Dunn M M, Olsen J C, Swanstrom R
Department of Biochemistry and Biophysics, University of North Carolina, Chapel Hill 27599-7295.
J Virol. 1992 Oct;66(10):5735-43. doi: 10.1128/JVI.66.10.5735-5743.1992.
We have used a replication-competent shuttle vector based on the genome of Rous sarcoma virus to characterize genomic rearrangements that occur during retrovirus replication. The strategy involved cloning circular DNA that was generated during an acute infection. While analyzing a class of retroviral DNA clones that are greater than full length, we found several clones which had acquired nonviral inserts in positions adjacent to the long terminal repeats (LTRs). There appear to be two distinct mechanisms leading to the incorporation of cellular sequences into these clones. Three of the molecules contain a cell-derived insert at the circle junction site between two LTR units. Two of these molecules appear to be the results of abortive integration attempts, because of which, in each case, one of the LTRs is missing 2 bases at its junction with the cell-derived insert. In the third clone, pNO220, the cellular sequences are flanked by an inappropriately placed copy of the tRNA primer-binding site on one side and a partial copy of the U3 sequence as part of the LTR on the other side. A fourth molecule we characterized, pMD96, has a single LTR with a U5-bounded deletion of viral sequences spanning gag and pol, with cell-derived sequences inserted at the site of the deletion; its origin may be related mechanistically to pNO220. Sequence analysis indicates that all of the cellular inserts were derived from the cell line used for the acute infection rather than from sequences carried into the cell as part of the virus particle.
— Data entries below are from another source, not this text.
Lemma linear_response_little_o (u D A : R -> R) (K Cx Dl Kr d : R) (r : nat) :
  0 < d -> d <= 1 -> 0 <= K -> 0 <= Cx -> 0 <= Kr ->
  (forall e, Rabs e < d ->
     Rabs (u e + K * (A e - D e)) <= Cx * Rabs e * Rabs (A e - D e)) ->
  (forall e, Rabs e < d -> Rabs (D e - A e - Dl * e ^ r) <= Kr * Rabs e ^ S r) ->
  little_o_pow (fun e => u e - K * Dl * e ^ r) r.
Proof.
  intros Hd Hd1 HK HCx HKr Hresp Hexp.
  apply (little_o_of_big_O _ r (Cx * (Rabs Dl + Kr) + K * Kr) d Hd).
  intros e He. specialize (Hresp e He). specialize (Hexp e He).
  set (E := Rabs e) in *. set (Er := Rabs e ^ r) in *.
  assert (HE : 0 <= E <= 1) by (split; [apply Rabs_pos | lra]).
  assert (HEr : 0 <= Er) by apply pow_le, Rabs_pos.
  assert (HeSr : E ^ S r = E * Er) by reflexivity.
  rewrite HeSr in Hexp |- *.
  assert (Her : Rabs (Dl * e ^ r) = Rabs Dl * Er)
    by (unfold Er; rewrite Rabs_mult, RPow_abs; reflexivity).
  assert (Hpert : Rabs (A e - D e) <= (Rabs Dl + Kr) * Er).
  { pose proof (Rabs_triang (D e - A e - Dl * e ^ r) (Dl * e ^ r)) as Htri.
    replace (D e - A e - Dl * e ^ r + Dl * e ^ r) with (- (A e - D e)) in Htri by ring.
    rewrite Rabs_Ropp, Her in Htri.
    assert (Kr * (E * Er) <= Kr * Er).
    { apply Rmult_le_compat_l; [exact HKr|].
      rewrite <- (Rmult_1_l Er) at 2. apply Rmult_le_compat_r; lra. }
    lra. }
  replace (u e - K * Dl * e ^ r)
    with ((u e + K * (A e - D e)) + K * (D e - A e - Dl * e ^ r)) by ring.
  eapply Rle_trans; [apply Rabs_triang|].
  rewrite Rabs_mult, (Rabs_pos_eq K HK).
  assert (Cx * E * Rabs (A e - D e) <= Cx * E * ((Rabs Dl + Kr) * Er))
    by (apply Rmult_le_compat_l; [apply Rmult_le_pos|]; lra).
  assert (K * Rabs (D e - A e - Dl * e ^ r) <= K * (Kr * (E * Er)))
    by (apply Rmult_le_compat_l; lra).
  nra.
Qed.
Lemma lattice_packing_from_field_pow_t1 (K : finFieldType) n t :
  [pchar K].-nat n -> #|K| = (n ^ t.+1)%N -> (1 < n)%N -> (0 < t)%N ->
  lattice_packing_with_density n t 1 0
    ((ball_size n t 1 0)%:R / (\sum_(i < t.+1) n ^ i)%N%:R).
Proof.
move=> q_pchar K_card n_gt1 t_gt0; have d_gt1 : (1 < t.+1)%N by [].
have n_gt0 : (0 < n)%N by lia.
have [psi] := finField_prim_root K; rewrite K_card => psi_prim.
have conj_inj := prim_root_frobenius_inj n_gt1 d_gt1 psi_prim.
have order_eq : ((n ^ t.+1).-1 = n.-1 * \sum_(i < t.+1) n ^ i)%N by rewrite predn_exp.
set s := (\sum_(i < t.+1) _)%N in order_eq *.
have psi_sub : (n.-1 * s).-primitive_root psi by rewrite -order_eq.
have psi_neq0 : psi != 0.
  by rewrite (prim_root_eq0 psi_prim) -lt0n (leq_ltn_trans _
    (frobenius_exp_lt n_gt1 d_gt1 (ltn0Sn t))) ?expn_gt0 ?n_gt0.
pose c (j : 'I_n) := if j : nat is j'.+1 then psi ^+ (j' * s) else 0.
have c_fixed j : c j ^+ n = c j.
  by case: j => [[|j] ?]; rewrite /c /= ?expr0n ?gtn_eqF ?prim_root_subfield_fixed.
have c_inj : injective c.
  have psi_pow_neq0 j : psi ^+ (j * s) != 0 by rewrite expf_neq0.
  move=> [[|j] j_n] [[|k] k_n]; rewrite /c /= => c_eq; apply: val_inj => //=.
  - by move: (psi_pow_neq0 k); rewrite -c_eq eqxx.
  - by move: (psi_pow_neq0 j); rewrite c_eq eqxx.
  by congr _.+1; apply: (prim_root_subfield_inj psi_sub) c_eq; lia.
have psi_not_fixed : psi ^+ n != psi.
  apply/eqP => psi_fixed; have psi_conj : psi ^+ (n ^ 1) = psi ^+ (n ^ 0).
    by rewrite expn1 expn0 expr1.
  by have := @conj_inj 1 0 d_gt1 (ltn0Sn _) psi_conj.
pose g j := psi + c j.
have g_neq0 j : g j != 0.
  have := affine_neq0_of_not_fixed q_pchar (expr1n _ n) (c_fixed j) (oner_neq0 K)
    psi_not_fixed.
  by rewrite mul1r.
pose i0 : 'I_n := Ordinal n_gt0.
have g_i0 : g i0 = psi by rewrite /g /c /= addr0.
apply: (lattice_packing_of_subproducts (h := fun j => g j ^+ n.-1) (i0 := i0))
  => [||S1 S2 S1_t S2_t].
- have s_gt0 : (0 < s)%N.
    by have := prim_order_gt0 psi_sub; rewrite muln_gt0 => /andP[].
  by have := dvdn_prim_root psi_sub (dvdn_mull n.-1 (dvdnn s)); rewrite mulnK // g_i0.
- by move=> j; rewrite -exprM -order_eq -K_card expf_card_pred.
rewrite !prodrXl; set A := \prod_(i in S1) g i; set B := \prod_(i in S2) g i => AB_pow.
have prod_neq0 S : \prod_(i in S) g i != 0.
  by rewrite prodf_seq_neq0; apply/allP => i _; rewrite g_neq0 implybT.
pose lam := A / B.
have lam_neq0 : lam != 0 by rewrite mulf_neq0 ?invr_eq0 ?prod_neq0.
have lam_fixed : lam ^+ n = lam.
  rewrite -(prednK n_gt0) exprS expr_div_n AB_pow divff ?mulr1 //.
  by rewrite expf_neq0 ?prod_neq0.
apply: (eq_set_of_linear_prod_evals (a := fun=> 1) (b := c) (fun=> oner_neq0 K) _ lam_neq0
  (rs := [seq psi ^+ (n ^ e) | e <- iota 0 t.+1])) => [i j | | | | y].
- by rewrite /= !divr1 => /c_inj.
- rewrite map_inj_in_uniq ?iota_uniq // => i j.
  by rewrite !mem_iota => /andP[_ i_t] /andP[_ j_t] /conj_inj; apply.
- by rewrite size_map size_iota ltnS.
- by rewrite size_map size_iota ltnS.
move=> /mapP [e _ ->].
apply: linear_prod_evals_conjugate q_pchar _ c_fixed lam_fixed _ => [i|].
  exact: expr1n.
have eval_psi S : (linear_prod (fun=> 1) c S).[psi] = \prod_(i in S) g i.
  by rewrite horner_linear_prod; apply: eq_bigr => i _; rewrite mul1r.
by rewrite !eval_psi divfK ?prod_neq0.
Qed.

Lemma dist_div_inv_leq (R : realFieldType) (a b f d : R) :
  0 < b -> 1 <= f -> f * a <= b + d -> b <= f * a + d -> `|a / b - f^-1| <= d / b.
Proof.
move=> b_gt0 f_ge1 fa_b b_fa; have f_gt0 : 0 < f by lra.
have -> : a / b - f^-1 = (f * a - b) / b / f by field; rewrite !gt_eqF.
have d_ge0 : 0 <= d by lra.
rewrite normrM normfV (gtr0_norm f_gt0) ler_pdivrMr //.
rewrite (le_trans _ (ler_peMr (divr_ge0 d_ge0 (ltW b_gt0)) f_ge1)) //.
by rewrite normrM normfV (gtr0_norm b_gt0) ler_pM2r ?invr_gt0 // ler_norml; lra.
Qed.

Lemma binomial_sum_ratio_cvg t (B : nat -> nat) (eps : rat) :
  (0 < t)%N -> 0 < eps -> (forall n, (t <= n)%N -> (n ^ t <= B n <= n.+1 ^ t)%N) ->
  exists N, forall n, (N <= n)%N ->
    `|(\sum_(i < t.+1) 'C(n, i))%N%:R / (B n)%:R - (t`!)%:R^-1| < eps.
Proof.
move=> t_gt0 eps_gt0 B_bounds; pose C := (t * t`! + t * t.+1 * 2 ^ t.-1)%N.
exists ((Num.truncn (C%:R / eps)).+1 + t)%N => n n_N.
have t_n : (t <= n)%N by lia.
have n_gt0 : (0 < n)%N by lia.
have /andP[n_B B_n] := B_bounds n t_n.
have t_bounds : (0 < t <= n)%N by rewrite t_gt0.
have [A_B B_A] := fact_binomial_sum_near t_bounds (B_bounds n t_n).
have B_gt0 : 0 < (B n)%:R :> rat by rewrite ltr0n (leq_trans _ n_B) // expn_gt0 n_gt0.
apply: le_lt_trans (dist_div_inv_leq (d := (C * n ^ t.-1)%N%:R) B_gt0 _ _ _) _.
- by rewrite ler1n fact_gt0.
- by rewrite -natrM -natrD ler_nat (leq_trans A_B) // leq_add2l leq_mul2r leq_addr orbT.
- by rewrite -natrM -natrD ler_nat (leq_trans B_A) // leq_add2l leq_mul2r leq_addl orbT.
have n_P_B : (n * n ^ t.-1 <= B n)%N by rewrite -expnS prednK.
apply: (@le_lt_trans _ _ (C%:R / n%:R)).
  rewrite ler_pdivrMr // mulrAC ler_pdivlMr ?ltr0n // -!natrM ler_nat -mulnA.
  by rewrite leq_mul2l mulnC n_P_B orbT.
rewrite ltr_pdivrMr ?ltr0n // -ltr_pdivrMl // mulrC (lt_le_trans (truncnS_gt _)) //.
by rewrite ler_nat (leq_trans _ n_N) ?leq_addr.
Qed.

Lemma finField_prime_power_card q d : prime_power q -> (0 < d)%N ->
  exists K : finFieldType, [pchar K].-nat q /\ #|K| = (q ^ d)%N.
Proof.
case=> p [a [p_prime [a_gt0 ->]]] d_gt0.
have ad_gt0 : (0 < a * d)%N by rewrite muln_gt0 a_gt0.
have [K p_pchar K_card] := pPrimePowerField p_prime ad_gt0.
exists K; rewrite K_card expnM; split=> //.
by rewrite pnatX (eq_pnat _ (pcharf_eq p_pchar)) pnat_id.
Qed.

Lemma geometric_sum_natr n t : (1 < n)%N ->
  (\sum_(i < t.+1) n ^ i)%N%:R = ((n ^ t.+1)%N%:R - 1) / (n%:R - 1) :> rat.
Proof.
move=> n_gt1; have n1_neq0 : n%:R - 1 != 0 :> rat by rewrite subr_eq0 pnatr_eq1 gtn_eqF.
rewrite natrX subrX1 [(_ - 1) * _]mulrC mulfK // natr_sum.
by apply: eq_bigr => i _; rewrite natrX.
Qed.

Lemma geometric_sum_bounds n t :
  (n ^ t <= \sum_(i < t.+1) n ^ i <= n.+1 ^ t)%N.
Proof.
apply/andP; split; first by rewrite big_ord_recr /= leq_addl.
rewrite -[n.+1]addn1 addnC expnDn leq_sum // => i _.
by rewrite exp1n mul1n leq_pmull // bin_gt0 -ltnS.
Qed.

Lemma lattice_packing_delta1 n t : prime_power n.+1 -> (2 <= t)%N -> (t <= n)%N ->
  lattice_packing_with_density n t 1 0 (delta1 n t).
Proof.
move=> q_pp t_ge2 t_n.
have [K [q_pchar K_card]] := finField_prime_power_card q_pp (ltnW t_ge2).
have := lattice_packing_from_field_pow_t q_pchar K_card t_ge2 (leq_trans (ltnW t_ge2) t_n).
by rewrite /delta1 ball_size_binary -subn1 natrB ?expn_gt0.
Qed.

Lemma lattice_packing_delta2 n t : prime_power n -> (2 <= t)%N -> (t <= n)%N ->
  lattice_packing_with_density n t 1 0 (delta2 n t).
Proof.
move=> q_pp t_ge2 t_n; have [K [q_pchar K_card]] := finField_prime_power_card q_pp (ltn0Sn t).
have n_gt1 : (1 < n)%N by lia.
have := lattice_packing_from_field_pow_t1 q_pchar K_card n_gt1 (ltnW t_ge2).
by rewrite /delta2 ball_size_binary geometric_sum_natr.
Qed.

Lemma delta1_cvg t (eps : rat) : (2 <= t)%N -> 0 < eps ->
  exists N : nat, forall n : nat, (N <= n)%N -> `|delta1 n t - (t`!)%:R^-1| < eps.
Proof.
move=> t_ge2 eps_gt0.
have [|N N_eps] := binomial_sum_ratio_cvg (B := fun n => (n.+1 ^ t).-1) (ltnW t_ge2) eps_gt0.
  by move=> n _; rewrite -ltnS prednK ?expn_gt0 // ltn_exp2r ?leq_pred //; lia.
by exists N => n /N_eps; rewrite /delta1 -subn1 natrB ?expn_gt0.
Qed.

Lemma delta2_cvg t (eps : rat) : (2 <= t)%N -> 0 < eps ->
  exists N : nat, forall n : nat, (N <= n)%N -> `|delta2 n t - (t`!)%:R^-1| < eps.
Proof.
move=> t_ge2 eps_gt0.
have [|N N_eps] := binomial_sum_ratio_cvg (B := fun n => (\sum_(i < t.+1) n ^ i)%N)
  (ltnW t_ge2) eps_gt0 => [n _|]; first exact: geometric_sum_bounds.
exists (maxn N 2) => n; rewrite geq_max => /andP[/N_eps dist_lt n_ge2].
by rewrite /delta2 -geometric_sum_natr.
Qed.

Theorem corollary6 :
  [/\ (forall n t : nat, prime_power n.+1 -> (2 <= t)%N -> (t <= n)%N ->
         lattice_packing_with_density n t 1 0 (delta1 n t)),
      (forall n t : nat, prime_power n -> (2 <= t)%N -> (t <= n)%N ->
         lattice_packing_with_density n t 1 0 (delta2 n t)),
      (forall (t : nat) (eps : rat), (2 <= t)%N -> 0 < eps ->
         exists N : nat, forall n : nat, (N <= n)%N -> prime_power n.+1 ->
           `|delta1 n t - (t`!)%:R^-1| < eps) &
      (forall (t : nat) (eps : rat), (2 <= t)%N -> 0 < eps ->
         exists N : nat, forall n : nat, (N <= n)%N -> prime_power n ->
           `|delta2 n t - (t`!)%:R^-1| < eps)].
Proof.
split; [exact: lattice_packing_delta1 | exact: lattice_packing_delta2 | |].
- move=> t eps t_ge2 eps_gt0; have [N N_eps] := delta1_cvg t_ge2 eps_gt0.
  by exists N => n /N_eps.
- move=> t eps t_ge2 eps_gt0; have [N N_eps] := delta2_cvg t_ge2 eps_gt0.
  by exists N => n /N_eps.
Qed.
Northern (RNA) analysis of cellular RNA demonstrated that the cell-derived sequences of two clones, pNO220 and pMD96, were expressed as polyadenylated RNA in uninfected cells. One mechanism for the joining of viral and cellular sequences suggested by the structures of pNO220 and pMD96 is recombination occurring during viral DNA synthesis, with cellular RNA serving as the template for the acquisition of cellular sequences.
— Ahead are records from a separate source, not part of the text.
(* Let $\mathfrak{g}=\mathfrak{gl}(p,q)$, $k\ge1$, and let all $X_i\in\mathfrak g$ be homogeneous. Then: (a) $P_{2k+1}(X_1,\ldots,X_{2k+1})=(2k+1)\,B(\mathcal P_{2k}(X_1,\ldots,X_{2k})\mid X_{2k+1})$; $\Lambda_{2k}(X_1,\ldots,X_{2k})=0$; and $\Lambda_{2k+1}(X_1,\ldots,X_{2k+1})=(2k+1)\,B(\mathcal A_{2k}(X_1,\ldots,X_{2k})\mid X_{2k+1})$. (b) $\displaystyle\sum_{\sigma\in\mathfrak S_{2k}}\epsilon(\sigma)\epsilon(\sigma,\mathcal X)[X_{\sigma(1)},X_{\sigma(2)}]\cdots[X_{\sigma(2k-1)},X_{\sigma(2k)}]=2^k\mathcal A_{2k}(X_1,\ldots,X_{2k})$. (c) For each $j$ with $0\le j\le k$, $\displaystyle\sum_{\sigma\in\mathfrak S_{2k+1}}\epsilon(\sigma)\epsilon(\sigma,\mathcal X)[X_{\sigma(1)},X_{\sigma(2)}]\cdots[X_{\sigma(2j-1)},X_{\sigma(2j)}]\,X_{\sigma(2j+1)}\,[X_{\sigma(2j+2)},X_{\sigma(2j+3)}]\cdots[X_{\sigma(2k)},X_{\sigma(2k+1)}]=2^k\mathcal A_{2k+1}(X_1,\ldots,X_{2k+1})$.
   Context: $\mathfrak{gl}(p,q)=\mathrm{End}(V)$ for a $\mathbb Z_2$-graded complex vector space $V=V_{\bar0}\oplus V_{\bar1}$ with $\dim V_{\bar0}=p$, $\dim V_{\bar1}=q$; homogeneous elements have degrees denoted by lower-case letters, products are compositions, and $[X,Y]=XY-(-1)^{xy}YX$. The super trace is $\mathrm{str}\begin{pmatrix}a&b\\c&d\end{pmatrix}=\mathrm{tr}(a)-\mathrm{tr}(d)$ and $B(Z\mid T)=\mathrm{str}(ZT)$. For $\mathcal X=(X_1,\dots,X_m)$ and $\sigma\in\mathfrak S_m$, $\epsilon(\sigma)$ is the sign of $\sigma$ and $\epsilon(\sigma,\mathcal X)=(-1)^K$ with $K$ the number of pairs $i<j$ such that $\sigma(i)>\sigma(j)$ and $X_{\sigma(i)},X_{\sigma(j)}$ are both odd. Define $\mathcal P_m(X_1,\dots,X_m)=\sum_{\sigma\in\mathfrak S_m}\epsilon(\sigma,\mathcal X)X_{\sigma(1)}\cdots X_{\sigma(m)}$, $\mathcal A_m(X_1,\dots,X_m)=\sum_{\sigma}\epsilon(\sigma)\epsilon(\sigma,\mathcal X)X_{\sigma(1)}\cdots X_{\sigma(m)}$, $P_m=\mathrm{str}\circ\mathcal P_m$, $\Lambda_m=\mathrm{str}\circ\mathcal A_m$. In (c), for $j=0$ there are no brackets before $X_{\sigma(1)}$ and for $j=k$ none after $X_{\sigma(2k+1)}$. *)

From mathcomp Require Import all_boot all_algebra all_fingroup.
From mathcomp Require Import reals complex.
Set Implicit Arguments. Unset Strict Implicit. Unset Printing Implicit Defensive.
Import GRing.Theory.
Local Open Scope ring_scope.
我们使用了一种基于劳氏肉瘤病毒基因组的具有复制能力的穿梭载体,来表征逆转录病毒复制过程中发生的基因组重排。该策略涉及克隆急性感染期间产生的环状DNA。在分析一类大于全长的逆转录病毒DNA克隆时,我们发现了几个在与长末端重复序列(LTR)相邻位置获得了非病毒插入片段的克隆。似乎有两种不同的机制导致细胞序列整合到这些克隆中。其中三个分子在两个LTR单元之间的环状连接位点含有一个细胞衍生的插入片段。其中两个分子似乎是无效整合尝试的结果,因此,在每种情况下,其中一个LTR在与细胞衍生插入片段的连接处缺失2个碱基。在第三个克隆pNO220中,细胞序列一侧由一个位置不当的tRNA引物结合位点拷贝侧翼,另一侧由作为LTR一部分的U3序列的部分拷贝侧翼。我们表征的第四个分子pMD96有一个单一的LTR,其U5边界缺失了跨越gag和pol的病毒序列,细胞衍生序列插入到缺失位点;其起源在机制上可能与pNO220有关。序列分析表明,所有细胞插入片段均来自用于急性感染的细胞系,而非作为病毒颗粒的一部分带入细胞的序列。对细胞RNA的Northern(RNA)分析表明,两个克隆pNO220和pMD96的细胞衍生序列在未感染细胞中以多聚腺苷酸化RNA的形式表达。pNO220和pMD96的结构所暗示的病毒和细胞序列连接的一种机制是在病毒DNA合成过程中发生重组,细胞RNA作为获取细胞序列的模板。